_Exercise goal_.
The listing below contains a span that opens with the line containing "j)%:R * tail_avg tail_argmin." and closes with the line containing "by move: (mem_nth". Return that span exactly.

_Supplied entries_.
|---|

(* Let $1<K<n$ and $x\in\mathbb{R}^n$, and let $s(x)$, $i_x$, $\delta(x)$, $u(x)$ be as defined in the context. Then: (1) for $i=1,\dots,K-1$: $s(x)_{i+1}-s(x)_i=\frac{1}{K-i+1}\big(s(x)_{i+1}-|x|_{[i]}\big)=\frac{1}{K-i}\big(s(x)_i-|x|_{[i]}\big)$; (2) $s(x)_1\ge\dots\ge s(x)_{i_x}$ and $s(x)_{i_x}\le\dots\le s(x)_K$; (3) $u(x)\ge_m|x|$; (4) $u(x)_1=\max\{|x|_{[1]},s(x)_1\}$.
   Context: For $v\in\mathbb{R}^n$, $v_{[i]}$ is the $i$-th largest component, and $|x|$ is the componentwise absolute value, so $|x|_{[i]}$ is the $i$-th largest absolute value. Define $s(x)_i=\frac{\sum_{j=i}^n|x|_{[j]}}{K-i+1}$ for $i=1,\dots,K$, and $s(x)_0=s(x)_{K+1}=\infty$. Let $i_x$ be the smallest index in $\{1,\dots,K\}$ minimizing $s(x)_i$, $\delta(x)=s(x)_{i_x}$, and define $u(x)\in\mathbb{R}^n$ by $u(x)_i=|x|_{[i]}$ for $i\le i_x-1$, $u(x)_i=\delta(x)$ for $i_x\le i\le K$, and $u(x)_i=0$ for $i>K$. $a\ge_m b$ means $\sum_{i=1}^j a_{[i]}\ge\sum_{i=1}^j b_{[i]}$ for $j<n$ with equality for $j=n$. *)

From HB Require Import structures.
From mathcomp Require Import all_boot all_order all_algebra.
Set Implicit Arguments. Unset Strict Implicit. Unset Printing Implicit Defensive.
Import Order.TTheory GRing.Theory Num.Theory.
Local Open Scope ring_scope.

Section Defs.
Variables (R : realFieldType) (n K : nat).

Definition absv (x : 'I_n -> R) : 'I_n -> R := fun i => `|x i|.

Definition dsort (v : 'I_n -> R) : seq R :=
  sort (fun a b : R => b <= a) [seq v i | i <- enum 'I_n].

(* v_[i] : the i-th largest component, 1-based (i = 1..n) *)
Definition kth (v : 'I_n -> R) (i : nat) : R := nth 0 (dsort v) i.-1.

Definition sx (x : 'I_n -> R) (i : nat) : R :=
  (\sum_(i <= j < n.+1) kth (absv x) j) / (K - i + 1)%:R.

(* i_x : the smallest index in {1..K} minimizing s(x)_i *)
Definition ix (x : 'I_n -> R) : nat :=
  (find (fun i => all (fun j => sx x i <= sx x j) (iota 1 K)) (iota 1 K)).+1.

Definition delta (x : 'I_n -> R) : R := sx x (ix x).

(* u(x)_k, 1-based index k *)
Definition uf (x : 'I_n -> R) (k : nat) : R :=
  if (k < ix x)%N then kth (absv x) k
  else if (k <= K)%N then delta x else 0.

(* u(x) as a vector in R^n (entry i : 'I_n is the (i+1)-th component) *)
Definition u (x : 'I_n -> R) : 'I_n -> R := fun i => uf x i.+1.

Definition majorizes (a b : 'I_n -> R) : Prop :=
  (forall j : nat, (j < n)%N ->
     \sum_(1 <= i < j.+1) kth b i <= \sum_(1 <= i < j.+1) kth a i) /\
  \sum_(1 <= i < n.+1) kth a i = \sum_(1 <= i < n.+1) kth b i.

End Defs.

From Pilot Require Import Defs.
From HB Require Import structures.
From mathcomp Require Import all_boot all_order all_algebra.
From mathcomp Require Import ring zify.
Import Order.TTheory GRing.Theory Num.Theory.
Set Implicit Arguments. Unset Strict Implicit. Unset Printing Implicit Defensive.
Local Open Scope ring_scope.

(* Let s_i be the tail averages of a nonnegative sequence a that is
   nonincreasing on 1..K.  From s_i = (a_i + (K - i) s_(i+1)) / (K - i + 1),
   the increment s_(i+1) - s_i has the sign of both s_(i+1) - a_i and s_i - a_i.
   So once s_i <= s_(i+1) we get a_(i+1) <= a_i <= s_(i+1), and the averages
   never decrease again: s decreases strictly up to its first minimiser i_x and
   is nondecreasing up to K.  Consequently the levelled sequence u is
   nonincreasing, and the partial sums of u - a vanish below i_x, equal
   (K - j) (s_(j+1) - s_(i_x)) >= 0 up to K, and then the nonnegative tail sum
   of a, which is 0 at j = n. *)

(* tail_avg, tail_argmin and levelled are sx, ix and uf of Defs with the
   sequence |x|_[.] abstracted to a; they coincide by conversion. *)
Section TailAverages.
Variables (R : realFieldType) (a : nat -> R) (n K : nat).

Definition tail_sum (i : nat) : R := \sum_(i <= j < n.+1) a j.

Definition tail_avg (i : nat) : R := tail_sum i / (K - i + 1)%:R.

Definition tail_avg_minimal (i : nat) : bool :=
  all (fun j => tail_avg i <= tail_avg j) (iota 1 K).

Definition tail_argmin : nat := (find tail_avg_minimal (iota 1 K)).+1.

Definition levelled (k : nat) : R :=
  if (k < tail_argmin)%N then a k
  else if (k <= K)%N then tail_avg tail_argmin else 0.

Lemma tail_sumS i : (i <= n)%N -> tail_sum i = a i + tail_sum i.+1.
Proof. by move=> le_in; rewrite /tail_sum big_ltn. Qed.

Lemma tail_sumE i : tail_sum i = (K - i + 1)%:R * tail_avg i.
Proof. by rewrite /tail_avg mulrC divfK // pnatr_eq0 addn1. Qed.

Hypothesis K_lt_n : (K < n)%N.

Lemma tail_avg_rec i : (i < K)%N ->
  tail_avg i = (a i + (K - i)%:R * tail_avg i.+1) / ((K - i)%:R + 1).
Proof.
move=> lt_iK; rewrite {1}/tail_avg (tail_sumS (_ : i <= n)%N); last by lia.
by rewrite tail_sumE (_ : K - i.+1 + 1 = K - i)%N ?natrD //; lia.
Qed.

Lemma tail_avg_subS i : (i < K)%N ->
  tail_avg i.+1 - tail_avg i = (tail_avg i.+1 - a i) / (K - i + 1)%:R /\
  tail_avg i.+1 - tail_avg i = (tail_avg i - a i) / (K - i)%:R.
Proof.
move=> lt_iK; rewrite natrD (tail_avg_rec lt_iK).
have m_neq0 : (K - i)%:R != 0 :> R by rewrite pnatr_eq0; lia.
have m1_neq0 : (K - i)%:R + 1 != 0 :> R by rewrite natr1 pnatr_eq0.
by split; field; rewrite ?m_neq0 ?m1_neq0.
Qed.

Lemma le_tail_avgS_next i : (i < K)%N ->
  (tail_avg i <= tail_avg i.+1) = (a i <= tail_avg i.+1).
Proof.
move=> lt_iK; rewrite -subr_ge0 (tail_avg_subS lt_iK).1.
by rewrite pmulr_lge0 ?subr_ge0 // invr_gt0 ltr0n addn1.
Qed.

Lemma le_tail_avgS i : (i < K)%N ->
  (tail_avg i <= tail_avg i.+1) = (a i <= tail_avg i).
Proof.
move=> lt_iK; rewrite -subr_ge0 (tail_avg_subS lt_iK).2.
by rewrite pmulr_lge0 ?subr_ge0 // invr_gt0 ltr0n subn_gt0.
Qed.

Hypothesis K_gt0 : (0 < K)%N.

Lemma has_tail_avg_minimal : has tail_avg_minimal (iota 1 K).
Proof.
case: (arg_minP (fun j : 'I_K => tail_avg j.+1) (isT : predT (Ordinal K_gt0)))
  => i _ min_i.
apply/hasP; exists i.+1; first by rewrite mem_iota add1n !ltnS ltn_ord.
apply/allP => j; rewrite mem_iota add1n ltnS => /andP[j_gt0 j_leK].
have lt_pj_K : (j.-1 < K)%N by rewrite prednK.
by have := min_i (Ordinal lt_pj_K) isT; rewrite /= prednK.
Qed.

Lemma tail_argmin_leK : (tail_argmin <= K)%N.
Proof. by have := has_tail_avg_minimal; rewrite has_find size_iota. Qed.

Lemma tail_argmin_min j : (0 < j)%N -> (j <= K)%N ->
  tail_avg tail_argmin <= tail_avg j.
Proof.
move=> j_gt0 j_leK; have := nth_find 0 has_tail_avg_minimal.
rewrite nth_iota; last exact: tail_argmin_leK.
rewrite add1n => /allP; apply.
by rewrite mem_iota add1n ltnS j_gt0.
Qed.

Lemma tail_argmin_first i : (0 < i)%N -> (i < tail_argmin)%N ->
  tail_avg tail_argmin < tail_avg i.
Proof.
move=> i_gt0 lt_i_argmin.
have lt_find : (i.-1 < find tail_avg_minimal (iota 1 K))%N.
  by rewrite -ltnS prednK.
have := before_find 0 lt_find.
rewrite nth_iota ?add1n ?prednK //; last by have := tail_argmin_leK; lia.
case/allPn => j; rewrite mem_iota add1n ltnS -ltNge => /andP[j_gt0 j_leK].
by apply: le_lt_trans; apply: tail_argmin_min.
Qed.

Hypothesis a_noninc : forall i, (0 < i < K)%N -> a i.+1 <= a i.

Lemma tail_avg_leS_propagate i j : (0 < i <= j)%N -> (j < K)%N ->
  tail_avg i <= tail_avg i.+1 -> tail_avg j <= tail_avg j.+1.
Proof.
case/andP=> i_gt0; elim: j => [|j IH]; first by rewrite leqNgt i_gt0.
rewrite leq_eqVlt ltnS => /orP[/eqP <- //|le_ij] lt_jK le_i.
have := IH le_ij (ltnW lt_jK) le_i; rewrite le_tail_avgS_next ?(ltnW lt_jK) //.
rewrite le_tail_avgS //; apply: le_trans; apply: a_noninc.
by rewrite (leq_trans i_gt0 le_ij) ltnW.
Qed.

Lemma tail_avg_decr_before i : (0 < i)%N -> (i < tail_argmin)%N ->
  tail_avg i.+1 < tail_avg i.
Proof.
move=> i_gt0 lt_i_argmin; rewrite ltNge; apply/negP => le_i.
have lt_iK : (i < K)%N := leq_trans lt_i_argmin tail_argmin_leK.
suff : tail_avg i <= tail_avg tail_argmin by rewrite leNgt tail_argmin_first.
apply: (Order.NatMonotonyTheory.nondecn_inP (D := [pred k | i <= k <= K]%N)).
- move=> p q; rewrite !inE => /andP[le_ip _] /andP[_ le_qK] k /andP[lt_pk lt_kq].
  by rewrite inE (leq_trans le_ip (ltnW lt_pk)) (leq_trans (ltnW lt_kq) le_qK).
- move=> k; rewrite !inE => /andP[le_ik _] /andP[_ lt_kK].
  by apply: (tail_avg_leS_propagate (i := i)); rewrite ?i_gt0.
- by rewrite inE leqnn ltnW.
- by rewrite inE ltnW ?tail_argmin_leK.
- exact: ltnW.
Qed.

Lemma tail_avg_incr_after i : (tail_argmin <= i)%N -> (i < K)%N ->
  tail_avg i <= tail_avg i.+1.
Proof.
move=> le_argmin_i lt_iK.
apply: (tail_avg_leS_propagate (i := tail_argmin)); rewrite ?le_argmin_i //.
exact/tail_argmin_min/(leq_ltn_trans le_argmin_i lt_iK).
Qed.

Hypothesis a_ge0 : forall i, 0 <= a i.

Lemma tail_sum_ge0 i : 0 <= tail_sum i.
Proof. exact: sumr_ge0. Qed.

Lemma tail_avg_ge0 i : 0 <= tail_avg i.
Proof. by rewrite divr_ge0 ?tail_sum_ge0. Qed.

Lemma levelled_noninc k : (0 < k)%N -> levelled k.+1 <= levelled k.
Proof.
move=> k_gt0; have argmin_leK := tail_argmin_leK.
rewrite /levelled; case: (ltnP k.+1 tail_argmin) => [lt_Sk | le_argmin_Sk].
  by rewrite (ltnW lt_Sk) a_noninc // k_gt0 (leq_trans (ltnW lt_Sk)).
case: (ltnP k tail_argmin) => [lt_k | le_argmin_k].
  have argminE : tail_argmin = k.+1 by apply/eqP; rewrite eqn_leq le_argmin_Sk.
  have lt_kK : (k < K)%N by rewrite -argminE.
  have := tail_avg_decr_before k_gt0 lt_k.
  by rewrite argminE lt_kK ltNge le_tail_avgS_next // -ltNge => /ltW.
case: (leqP k.+1 K) => [le_SkK | lt_K_Sk]; first by rewrite ltnW.
by case: (leqP k K) => // _; apply: tail_avg_ge0.
Qed.

Lemma levelled1 : (1 < K)%N -> levelled 1 = Num.max (a 1) (tail_avg 1).
Proof.
move=> K_gt1; rewrite /levelled; case: ifP => [lt_1_argmin | /negbT].
  have := tail_avg_decr_before (ltn0Sn 0) lt_1_argmin.
  by rewrite ltNge le_tail_avgS // -ltNge => /ltW /max_l.
rewrite -leqNgt leq_eqVlt ltnS leqn0 orbF => /eqP argminE.
have le_avg12 : tail_avg 1 <= tail_avg 2.
  by apply: tail_avg_incr_after; rewrite ?argminE.
by rewrite argminE /= (ltnW K_gt1) max_r // -le_tail_avgS.
Qed.

Lemma sum_levelled_sub_before j : (j < tail_argmin)%N ->
  \sum_(1 <= i < j.+1) (levelled i - a i) = 0.
Proof.
move=> lt_j_argmin; rewrite big_nat_cond big1 // => i /andP[/andP[_ lt_i_Sj] _].
by rewrite /levelled (leq_ltn_trans _ lt_j_argmin) ?subrr // -ltnS.
Qed.

(* For j >= K the truncated factor K - j is 0 and only the tail sum remains. *)
Lemma sum_levelled_subE j : (tail_argmin <= j.+1)%N -> (j <= n)%N ->
  \sum_(1 <= i < j.+1) (levelled i - a i)
    = tail_sum j.+1 - (K - j)%:R * tail_avg tail_argmin.
Proof.
elim: j => [|j IH] le_argmin le_jn.
  have argminE : tail_argmin = 1%N by apply/eqP; rewrite eqn_leq le_argmin.
  by rewrite big_geq // argminE tail_sumE subnK // subn0 subrr.
case: (ltngtP tail_argmin j.+2) => [lt_argmin | | argminE]; last first.
- rewrite sum_levelled_sub_before -?argminE // tail_sumE argminE.
  by rewrite (_ : K - j.+2 + 1 = K - j.+1)%N ?subrr //; have := tail_argmin_leK; lia.
- by rewrite ltnNge le_argmin.
rewrite big_nat_recr //= IH ?(ltnW le_jn) // (tail_sumS le_jn) /levelled.
rewrite ltnNge -ltnS lt_argmin /=.
case: (leqP j.+1 K) => [le_SjK | lt_K_Sj].
  rewrite (_ : K - j = (K - j.+1) + 1)%N ?natrD; last by lia.
  move: (K - j.+1)%:R => m; ring.
have [-> ->] : (K - j = 0 /\ K - j.+1 = 0)%N by lia.
by rewrite mul0r !subr0 add0r addrC addKr.
Qed.

Lemma sum_levelled_sub_ge0 j : (j < n)%N ->
  0 <= \sum_(1 <= i < j.+1) (levelled i - a i).
Proof.
move=> lt_jn; case: (ltnP j tail_argmin) => [lt_j_argmin | le_argmin_j].
  by rewrite sum_levelled_sub_before.
rewrite sum_levelled_subE ?(ltnW lt_jn) ?(leq_trans le_argmin_j) //.
case: (ltnP j K) => [lt_jK | le_Kj].
  rewrite tail_sumE (_ : K - j.+1 + 1 = K - j)%N; last by lia.
  by rewrite -mulrBr mulr_ge0 ?subr_ge0 ?tail_argmin_min.
by rewrite (_ : K - j = 0)%N ?mul0r ?subr0 ?tail_sum_ge0; lia.
Qed.

Lemma sum_levelled_sub_eq0 : \sum_(1 <= i < n.+1) (levelled i - a i) = 0.
Proof.
rewrite sum_levelled_subE //; last exact: leq_trans tail_argmin_leK (leqW (ltnW K_lt_n)).
by rewrite /tail_sum big_geq // (_ : K - n = 0)%N ?mul0r ?subrr //; lia.
Qed.

End TailAverages.

Lemma kth_ge0 (R : realFieldType) n (v : 'I_n -> R) i :
  (forall j, 0 <= v j) -> 0 <= kth v i.
Proof.
move=> v_ge0; rewrite /kth; case: (ltnP i.-1 (size (dsort v))) => [lt_i | le_i].
  by move: (mem_nth 0 lt_i); rewrite mem_sort => /mapP[j _ ->].
by rewrite nth_default.
Qed.

Lemma size_dsort (R : realFieldType) n (v : 'I_n -> R) : size (dsort v) = n.
Proof. by rewrite size_sort size_map size_enum_ord. Qed.

Lemma dsort_sorted (R : realFieldType) n (v : 'I_n -> R) :
  sorted (fun a b : R => b <= a) (dsort v).
Proof. by apply: sort_sorted => a b; apply: le_total. Qed.

Lemma kth_leS (R : realFieldType) n (v : 'I_n -> R) i :
  (0 < i < n)%N -> kth v i.+1 <= kth v i.
Proof.
case/andP=> i_gt0 lt_in; rewrite /kth /=.
apply: (sorted_leq_nth (leT := fun a b : R => b <= a) ge_trans ge_refl _ (dsort_sorted v));
  rewrite ?inE ?size_dsort; lia.
Qed.

Lemma kth_sorted (R : realFieldType) n (f : nat -> R) i :
  (forall k, (0 < k < n)%N -> f k.+1 <= f k) -> (0 < i <= n)%N ->
  kth (fun j : 'I_n => f j.+1) i = f i.
Proof.
move=> f_noninc /andP[i_gt0 le_in]; rewrite /kth /dsort.
have -> : [seq f (val j).+1 | j <- enum 'I_n] = [seq f k.+1 | k <- iota 0 n].
  by rewrite -val_enum_ord -map_comp.
rewrite sorted_sort.
- by rewrite (nth_map 0%N) ?nth_iota ?size_iota ?prednK //; lia.
- exact: ge_trans.
apply/(sortedP 0) => k; rewrite size_map size_iota => lt_Skn.
have lt_kn := ltnW lt_Skn.
by rewrite !(nth_map 0%N) ?size_iota ?nth_iota ?add0n // f_noninc.
Qed.

Section SortedAbsoluteValues.
Variables (R : realFieldType) (n K : nat) (x : 'I_n -> R).
Hypotheses (K_gt1 : (1 < K)%N) (K_lt_n : (K < n)%N).

Let K_gt0 : (0 < K)%N := ltnW K_gt1.

Lemma kth_absv_ge0 i : 0 <= kth (absv x) i.
Proof. by apply: kth_ge0 => j; apply: normr_ge0. Qed.

Lemma kth_absv_noninc i : (0 < i < K)%N -> kth (absv x) i.+1 <= kth (absv x) i.
Proof. by case/andP=> i_gt0 lt_iK; rewrite kth_leS // i_gt0 (ltn_trans lt_iK). Qed.

Lemma sum_kth_u j : (j <= n)%N ->
  \sum_(1 <= i < j.+1) kth (u K x) i = \sum_(1 <= i < j.+1) uf K x i.
Proof.
move=> le_jn; apply: eq_big_nat => i /andP[i_gt0 lt_i_Sj].
apply: (@kth_sorted _ _ (uf K x)) => [k /andP[k_gt0 _]|].
  exact: (levelled_noninc K_lt_n K_gt0 kth_absv_noninc kth_absv_ge0 k_gt0).
by rewrite i_gt0 (leq_trans _ le_jn) // -ltnS.
Qed.

Lemma u_majorizes : majorizes (u K x) (absv x).
Proof.
split=> [j lt_jn|]; last apply/eqP.
  rewrite -subr_ge0 sum_kth_u 1?ltnW // -sumrB.
  exact: (sum_levelled_sub_ge0 K_lt_n K_gt0 kth_absv_ge0).
rewrite -subr_eq0 sum_kth_u // -sumrB.
by rewrite (sum_levelled_sub_eq0 _ K_lt_n K_gt0).
Qed.

End SortedAbsoluteValues.

Theorem mainTheorem5 (R : realFieldType) (n K : nat) (x : 'I_n -> R) :
  (1 < K)%N -> (K < n)%N ->
  (* (1) *)
  (forall i : nat, (1 <= i)%N -> (i <= K - 1)%N ->
     sx K x i.+1 - sx K x i
       = (sx K x i.+1 - kth (absv x) i) / (K - i + 1)%:R /\
     sx K x i.+1 - sx K x i
       = (sx K x i - kth (absv x) i) / (K - i)%:R) /\
  (* (2) *)
  (forall i : nat, (1 <= i)%N -> (i < ix K x)%N -> sx K x i.+1 <= sx K x i) /\
  (forall i : nat, (ix K x <= i)%N -> (i < K)%N -> sx K x i <= sx K x i.+1) /\
  (* (3) *)
  majorizes (u K x) (absv x) /\
  (* (4) *)
  uf K x 1 = Num.max (kth (absv x) 1) (sx K x 1).
Proof.
move=> K_gt1 K_lt_n; have K_gt0 := ltnW K_gt1.
have a_noninc := kth_absv_noninc x K_lt_n.
split; [|split; [|split; [|split]]].
- move=> i _ le_i_predK; apply: tail_avg_subS => //; lia.
- move=> i i_gt0 lt_i_ix; apply/ltW.
  exact: (tail_avg_decr_before K_lt_n K_gt0 a_noninc i_gt0 lt_i_ix).
- move=> i le_ix_i lt_iK.
  exact: (tail_avg_incr_after K_lt_n K_gt0 a_noninc le_ix_i lt_iK).
- exact: u_majorizes.
- exact: (levelled1 K_lt_n K_gt0 a_noninc K_gt1).
Qed.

|---|

_Problem solution_.
    = tail_sum j.+1 - (K - j)%:R * tail_avg tail_argmin.
Proof.
elim: j => [|j IH] le_argmin le_jn.
  have argminE : tail_argmin = 1%N by apply/eqP; rewrite eqn_leq le_argmin.
  by rewrite big_geq // argminE tail_sumE subnK // subn0 subrr.
case: (ltngtP tail_argmin j.+2) => [lt_argmin | | argminE]; last first.
- rewrite sum_levelled_sub_before -?argminE // tail_sumE argminE.
  by rewrite (_ : K - j.+2 + 1 = K - j.+1)%N ?subrr //; have := tail_argmin_leK; lia.
- by rewrite ltnNge le_argmin.
rewrite big_nat_recr //= IH ?(ltnW le_jn) // (tail_sumS le_jn) /levelled.
rewrite ltnNge -ltnS lt_argmin /=.
case: (leqP j.+1 K) => [le_SjK | lt_K_Sj].
  rewrite (_ : K - j = (K - j.+1) + 1)%N ?natrD; last by lia.
  move: (K - j.+1)%:R => m; ring.
have [-> ->] : (K - j = 0 /\ K - j.+1 = 0)%N by lia.
by rewrite mul0r !subr0 add0r addrC addKr.
Qed.

Lemma sum_levelled_sub_ge0 j : (j < n)%N ->
  0 <= \sum_(1 <= i < j.+1) (levelled i - a i).
Proof.
move=> lt_jn; case: (ltnP j tail_argmin) => [lt_j_argmin | le_argmin_j].
  by rewrite sum_levelled_sub_before.
rewrite sum_levelled_subE ?(ltnW lt_jn) ?(leq_trans le_argmin_j) //.
case: (ltnP j K) => [lt_jK | le_Kj].
  rewrite tail_sumE (_ : K - j.+1 + 1 = K - j)%N; last by lia.
  by rewrite -mulrBr mulr_ge0 ?subr_ge0 ?tail_argmin_min.
by rewrite (_ : K - j = 0)%N ?mul0r ?subr0 ?tail_sum_ge0; lia.
Qed.

Lemma sum_levelled_sub_eq0 : \sum_(1 <= i < n.+1) (levelled i - a i) = 0.
Proof.
rewrite sum_levelled_subE //; last exact: leq_trans tail_argmin_leK (leqW (ltnW K_lt_n)).
by rewrite /tail_sum big_geq // (_ : K - n = 0)%N ?mul0r ?subrr //; lia.
Qed.

End TailAverages.

Lemma kth_ge0 (R : realFieldType) n (v : 'I_n -> R) i :
  (forall j, 0 <= v j) -> 0 <= kth v i.
Proof.
move=> v_ge0; rewrite /kth; case: (ltnP i.-1 (size (dsort v))) => [lt_i | le_i].
  by move: (mem_nth 0 lt_i); rewrite mem_sort => /mapP[j _ ->].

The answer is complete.